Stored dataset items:
———

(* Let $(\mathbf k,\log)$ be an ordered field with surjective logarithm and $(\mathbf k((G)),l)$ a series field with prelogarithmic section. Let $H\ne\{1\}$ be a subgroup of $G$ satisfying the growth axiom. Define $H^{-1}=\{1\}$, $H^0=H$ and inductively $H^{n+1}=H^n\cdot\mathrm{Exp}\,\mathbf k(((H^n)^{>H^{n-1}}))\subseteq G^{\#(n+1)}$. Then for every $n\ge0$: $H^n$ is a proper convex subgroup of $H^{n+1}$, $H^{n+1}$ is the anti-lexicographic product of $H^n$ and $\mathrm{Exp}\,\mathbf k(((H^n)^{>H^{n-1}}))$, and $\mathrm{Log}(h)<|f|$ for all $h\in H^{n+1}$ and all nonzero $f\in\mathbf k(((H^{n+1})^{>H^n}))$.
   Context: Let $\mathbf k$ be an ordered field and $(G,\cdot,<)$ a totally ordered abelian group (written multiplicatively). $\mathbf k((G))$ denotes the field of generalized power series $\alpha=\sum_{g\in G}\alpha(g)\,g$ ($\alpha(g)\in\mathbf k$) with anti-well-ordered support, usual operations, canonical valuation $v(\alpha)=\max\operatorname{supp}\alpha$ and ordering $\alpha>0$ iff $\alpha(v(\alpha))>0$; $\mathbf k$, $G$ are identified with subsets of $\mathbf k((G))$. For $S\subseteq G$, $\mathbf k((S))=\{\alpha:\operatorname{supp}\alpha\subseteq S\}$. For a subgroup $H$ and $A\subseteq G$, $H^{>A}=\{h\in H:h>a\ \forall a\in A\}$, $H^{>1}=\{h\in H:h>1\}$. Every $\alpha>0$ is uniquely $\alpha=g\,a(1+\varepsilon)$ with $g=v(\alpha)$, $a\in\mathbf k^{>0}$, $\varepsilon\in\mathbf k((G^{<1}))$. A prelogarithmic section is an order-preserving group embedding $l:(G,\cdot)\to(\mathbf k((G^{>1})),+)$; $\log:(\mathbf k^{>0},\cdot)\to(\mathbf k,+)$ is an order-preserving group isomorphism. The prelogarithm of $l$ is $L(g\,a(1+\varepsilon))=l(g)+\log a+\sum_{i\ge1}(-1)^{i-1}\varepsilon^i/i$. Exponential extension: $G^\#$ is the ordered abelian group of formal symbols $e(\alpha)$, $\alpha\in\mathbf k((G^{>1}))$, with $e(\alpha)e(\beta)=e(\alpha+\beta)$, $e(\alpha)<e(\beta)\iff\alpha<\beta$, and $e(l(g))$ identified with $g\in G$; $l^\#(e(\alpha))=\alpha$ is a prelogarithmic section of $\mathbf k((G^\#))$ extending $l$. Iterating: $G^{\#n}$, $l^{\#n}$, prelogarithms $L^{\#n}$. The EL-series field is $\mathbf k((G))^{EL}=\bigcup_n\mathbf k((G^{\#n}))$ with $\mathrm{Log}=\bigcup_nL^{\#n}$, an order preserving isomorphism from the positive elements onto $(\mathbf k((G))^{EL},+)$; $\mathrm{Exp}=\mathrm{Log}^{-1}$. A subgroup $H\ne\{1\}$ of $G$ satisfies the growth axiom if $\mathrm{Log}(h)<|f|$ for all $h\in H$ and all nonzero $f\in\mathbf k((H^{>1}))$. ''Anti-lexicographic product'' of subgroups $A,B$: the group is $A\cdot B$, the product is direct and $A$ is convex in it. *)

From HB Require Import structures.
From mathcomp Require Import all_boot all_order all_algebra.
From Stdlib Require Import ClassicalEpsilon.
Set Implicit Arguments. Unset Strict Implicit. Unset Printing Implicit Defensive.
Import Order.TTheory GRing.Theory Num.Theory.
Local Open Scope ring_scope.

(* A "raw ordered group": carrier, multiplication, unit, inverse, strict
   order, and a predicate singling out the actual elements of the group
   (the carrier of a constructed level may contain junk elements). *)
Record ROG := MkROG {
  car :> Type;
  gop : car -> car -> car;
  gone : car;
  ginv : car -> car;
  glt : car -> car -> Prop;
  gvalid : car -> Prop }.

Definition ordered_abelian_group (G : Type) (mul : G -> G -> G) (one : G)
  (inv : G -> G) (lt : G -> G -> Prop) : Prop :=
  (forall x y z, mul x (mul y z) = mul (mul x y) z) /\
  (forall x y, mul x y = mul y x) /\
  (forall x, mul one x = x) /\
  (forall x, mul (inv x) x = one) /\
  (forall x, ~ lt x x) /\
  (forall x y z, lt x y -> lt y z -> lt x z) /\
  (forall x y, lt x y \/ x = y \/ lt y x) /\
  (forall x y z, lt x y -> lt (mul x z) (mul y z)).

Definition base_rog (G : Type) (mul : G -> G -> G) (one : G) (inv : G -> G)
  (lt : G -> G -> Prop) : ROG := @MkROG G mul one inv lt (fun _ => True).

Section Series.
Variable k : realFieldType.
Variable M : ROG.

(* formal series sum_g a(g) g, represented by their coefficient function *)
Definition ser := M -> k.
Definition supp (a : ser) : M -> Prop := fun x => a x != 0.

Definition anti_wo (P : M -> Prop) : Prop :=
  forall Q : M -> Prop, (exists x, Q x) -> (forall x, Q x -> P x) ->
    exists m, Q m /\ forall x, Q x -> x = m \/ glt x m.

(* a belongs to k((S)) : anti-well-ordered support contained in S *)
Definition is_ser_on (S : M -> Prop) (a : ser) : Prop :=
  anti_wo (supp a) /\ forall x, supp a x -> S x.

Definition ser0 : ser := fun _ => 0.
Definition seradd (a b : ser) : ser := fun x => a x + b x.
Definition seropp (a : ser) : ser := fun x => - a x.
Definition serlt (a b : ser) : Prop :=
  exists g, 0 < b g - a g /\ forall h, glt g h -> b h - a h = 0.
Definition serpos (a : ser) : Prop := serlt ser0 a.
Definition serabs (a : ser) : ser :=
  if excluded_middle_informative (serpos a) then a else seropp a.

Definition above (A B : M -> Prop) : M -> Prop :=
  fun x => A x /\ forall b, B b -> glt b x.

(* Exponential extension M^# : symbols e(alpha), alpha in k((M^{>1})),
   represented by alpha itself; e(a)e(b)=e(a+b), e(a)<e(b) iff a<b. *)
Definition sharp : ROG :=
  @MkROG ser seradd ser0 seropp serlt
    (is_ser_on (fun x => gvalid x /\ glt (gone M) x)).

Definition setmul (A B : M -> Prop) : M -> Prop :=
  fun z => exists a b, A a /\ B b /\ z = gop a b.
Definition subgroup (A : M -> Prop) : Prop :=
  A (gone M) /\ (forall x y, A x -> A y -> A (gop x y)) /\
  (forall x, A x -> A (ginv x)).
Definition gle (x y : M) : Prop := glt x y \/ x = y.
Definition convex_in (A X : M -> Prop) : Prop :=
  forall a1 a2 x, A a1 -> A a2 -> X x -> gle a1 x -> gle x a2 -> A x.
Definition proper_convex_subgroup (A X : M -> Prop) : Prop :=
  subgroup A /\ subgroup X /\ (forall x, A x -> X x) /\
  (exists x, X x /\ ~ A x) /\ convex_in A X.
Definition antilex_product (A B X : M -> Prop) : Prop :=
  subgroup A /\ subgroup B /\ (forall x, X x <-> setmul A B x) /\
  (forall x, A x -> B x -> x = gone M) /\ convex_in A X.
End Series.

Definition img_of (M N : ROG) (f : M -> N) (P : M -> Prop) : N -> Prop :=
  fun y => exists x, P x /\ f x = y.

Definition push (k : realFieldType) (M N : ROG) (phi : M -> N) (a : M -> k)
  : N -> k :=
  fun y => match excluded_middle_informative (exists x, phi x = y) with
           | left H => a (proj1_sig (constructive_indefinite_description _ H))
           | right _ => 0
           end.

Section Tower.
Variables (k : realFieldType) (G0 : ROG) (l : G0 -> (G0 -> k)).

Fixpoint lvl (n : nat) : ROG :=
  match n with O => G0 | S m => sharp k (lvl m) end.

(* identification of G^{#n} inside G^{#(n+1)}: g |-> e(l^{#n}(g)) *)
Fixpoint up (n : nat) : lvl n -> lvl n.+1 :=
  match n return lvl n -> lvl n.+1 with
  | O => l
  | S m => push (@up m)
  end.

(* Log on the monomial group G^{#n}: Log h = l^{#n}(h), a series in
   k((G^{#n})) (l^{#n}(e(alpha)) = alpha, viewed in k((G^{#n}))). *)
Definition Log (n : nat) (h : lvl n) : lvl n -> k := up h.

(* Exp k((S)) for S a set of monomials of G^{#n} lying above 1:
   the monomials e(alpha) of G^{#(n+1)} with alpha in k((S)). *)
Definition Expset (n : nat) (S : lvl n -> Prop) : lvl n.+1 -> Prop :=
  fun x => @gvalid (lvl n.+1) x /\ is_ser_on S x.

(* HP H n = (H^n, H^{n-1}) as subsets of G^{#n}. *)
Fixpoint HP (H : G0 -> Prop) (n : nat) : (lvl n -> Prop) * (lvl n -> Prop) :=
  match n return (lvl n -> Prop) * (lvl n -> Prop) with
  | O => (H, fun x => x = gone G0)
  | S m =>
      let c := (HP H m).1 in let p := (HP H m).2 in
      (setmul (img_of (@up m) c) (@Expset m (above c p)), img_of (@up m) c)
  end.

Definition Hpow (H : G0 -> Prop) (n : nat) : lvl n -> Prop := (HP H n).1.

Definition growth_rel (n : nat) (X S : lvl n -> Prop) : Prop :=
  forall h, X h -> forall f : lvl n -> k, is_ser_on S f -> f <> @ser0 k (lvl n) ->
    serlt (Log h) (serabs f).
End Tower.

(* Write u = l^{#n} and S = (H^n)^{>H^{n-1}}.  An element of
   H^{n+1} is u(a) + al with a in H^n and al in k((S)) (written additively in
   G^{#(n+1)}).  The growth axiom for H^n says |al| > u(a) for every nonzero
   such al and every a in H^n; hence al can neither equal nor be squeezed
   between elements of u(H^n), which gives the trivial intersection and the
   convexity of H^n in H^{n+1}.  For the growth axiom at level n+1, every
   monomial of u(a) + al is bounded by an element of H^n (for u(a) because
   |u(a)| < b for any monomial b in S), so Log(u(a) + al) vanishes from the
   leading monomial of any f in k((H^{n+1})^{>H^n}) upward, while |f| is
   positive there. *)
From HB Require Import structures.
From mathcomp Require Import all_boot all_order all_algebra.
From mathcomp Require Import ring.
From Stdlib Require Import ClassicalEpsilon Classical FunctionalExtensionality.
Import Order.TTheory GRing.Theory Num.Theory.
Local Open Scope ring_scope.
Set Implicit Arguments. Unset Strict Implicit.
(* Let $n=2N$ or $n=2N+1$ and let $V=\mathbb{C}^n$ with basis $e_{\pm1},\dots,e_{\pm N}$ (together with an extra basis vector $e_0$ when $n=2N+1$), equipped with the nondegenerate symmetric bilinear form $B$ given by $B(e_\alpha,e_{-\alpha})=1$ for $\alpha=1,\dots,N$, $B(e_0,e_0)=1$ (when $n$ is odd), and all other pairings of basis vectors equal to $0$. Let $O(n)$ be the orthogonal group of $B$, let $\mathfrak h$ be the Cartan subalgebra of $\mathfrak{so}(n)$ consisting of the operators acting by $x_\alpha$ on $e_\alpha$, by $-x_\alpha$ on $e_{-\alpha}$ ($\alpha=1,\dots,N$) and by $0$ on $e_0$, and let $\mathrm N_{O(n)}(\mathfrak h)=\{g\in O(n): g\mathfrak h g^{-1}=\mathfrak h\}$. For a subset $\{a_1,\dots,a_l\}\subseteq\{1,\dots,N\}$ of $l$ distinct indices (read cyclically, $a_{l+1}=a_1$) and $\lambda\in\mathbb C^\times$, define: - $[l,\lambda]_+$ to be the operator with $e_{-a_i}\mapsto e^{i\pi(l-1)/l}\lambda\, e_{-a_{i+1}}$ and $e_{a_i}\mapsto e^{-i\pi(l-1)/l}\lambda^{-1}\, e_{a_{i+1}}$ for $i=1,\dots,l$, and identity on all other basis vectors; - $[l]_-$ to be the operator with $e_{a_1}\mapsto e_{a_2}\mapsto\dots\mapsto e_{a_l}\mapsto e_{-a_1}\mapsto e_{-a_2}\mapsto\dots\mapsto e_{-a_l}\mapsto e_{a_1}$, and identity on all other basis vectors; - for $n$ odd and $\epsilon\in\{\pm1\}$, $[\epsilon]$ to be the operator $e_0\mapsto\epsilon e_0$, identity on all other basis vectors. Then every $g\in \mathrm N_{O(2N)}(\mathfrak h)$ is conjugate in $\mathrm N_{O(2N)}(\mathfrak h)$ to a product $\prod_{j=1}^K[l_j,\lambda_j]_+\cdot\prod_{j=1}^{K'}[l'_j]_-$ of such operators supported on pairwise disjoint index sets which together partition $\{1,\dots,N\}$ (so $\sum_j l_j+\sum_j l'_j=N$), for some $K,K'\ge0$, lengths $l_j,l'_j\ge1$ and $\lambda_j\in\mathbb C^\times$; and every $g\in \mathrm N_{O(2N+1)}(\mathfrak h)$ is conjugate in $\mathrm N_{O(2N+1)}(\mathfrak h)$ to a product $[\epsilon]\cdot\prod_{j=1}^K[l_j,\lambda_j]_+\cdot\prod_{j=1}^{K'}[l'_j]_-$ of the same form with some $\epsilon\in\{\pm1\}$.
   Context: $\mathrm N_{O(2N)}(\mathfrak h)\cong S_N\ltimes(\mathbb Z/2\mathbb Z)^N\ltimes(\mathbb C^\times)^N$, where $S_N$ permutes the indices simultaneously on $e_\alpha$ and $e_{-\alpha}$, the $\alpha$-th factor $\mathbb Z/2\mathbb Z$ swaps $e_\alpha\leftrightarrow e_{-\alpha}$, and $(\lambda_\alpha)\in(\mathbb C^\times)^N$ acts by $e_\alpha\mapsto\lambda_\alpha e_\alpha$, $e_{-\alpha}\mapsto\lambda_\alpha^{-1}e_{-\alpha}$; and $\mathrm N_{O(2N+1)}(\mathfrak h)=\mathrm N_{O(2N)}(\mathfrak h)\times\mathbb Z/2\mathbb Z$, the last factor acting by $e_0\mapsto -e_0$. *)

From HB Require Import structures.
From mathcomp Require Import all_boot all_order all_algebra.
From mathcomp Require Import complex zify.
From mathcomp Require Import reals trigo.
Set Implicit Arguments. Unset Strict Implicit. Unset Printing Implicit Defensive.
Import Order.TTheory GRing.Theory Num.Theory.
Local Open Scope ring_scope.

———

_Task_
Look through the data above. Each line containing the word "Stdlib" needs to be copied.

_Answer to this task_
From Stdlib Require Import ClassicalEpsilon.
From Stdlib Require Import ClassicalEpsilon Classical FunctionalExtensionality.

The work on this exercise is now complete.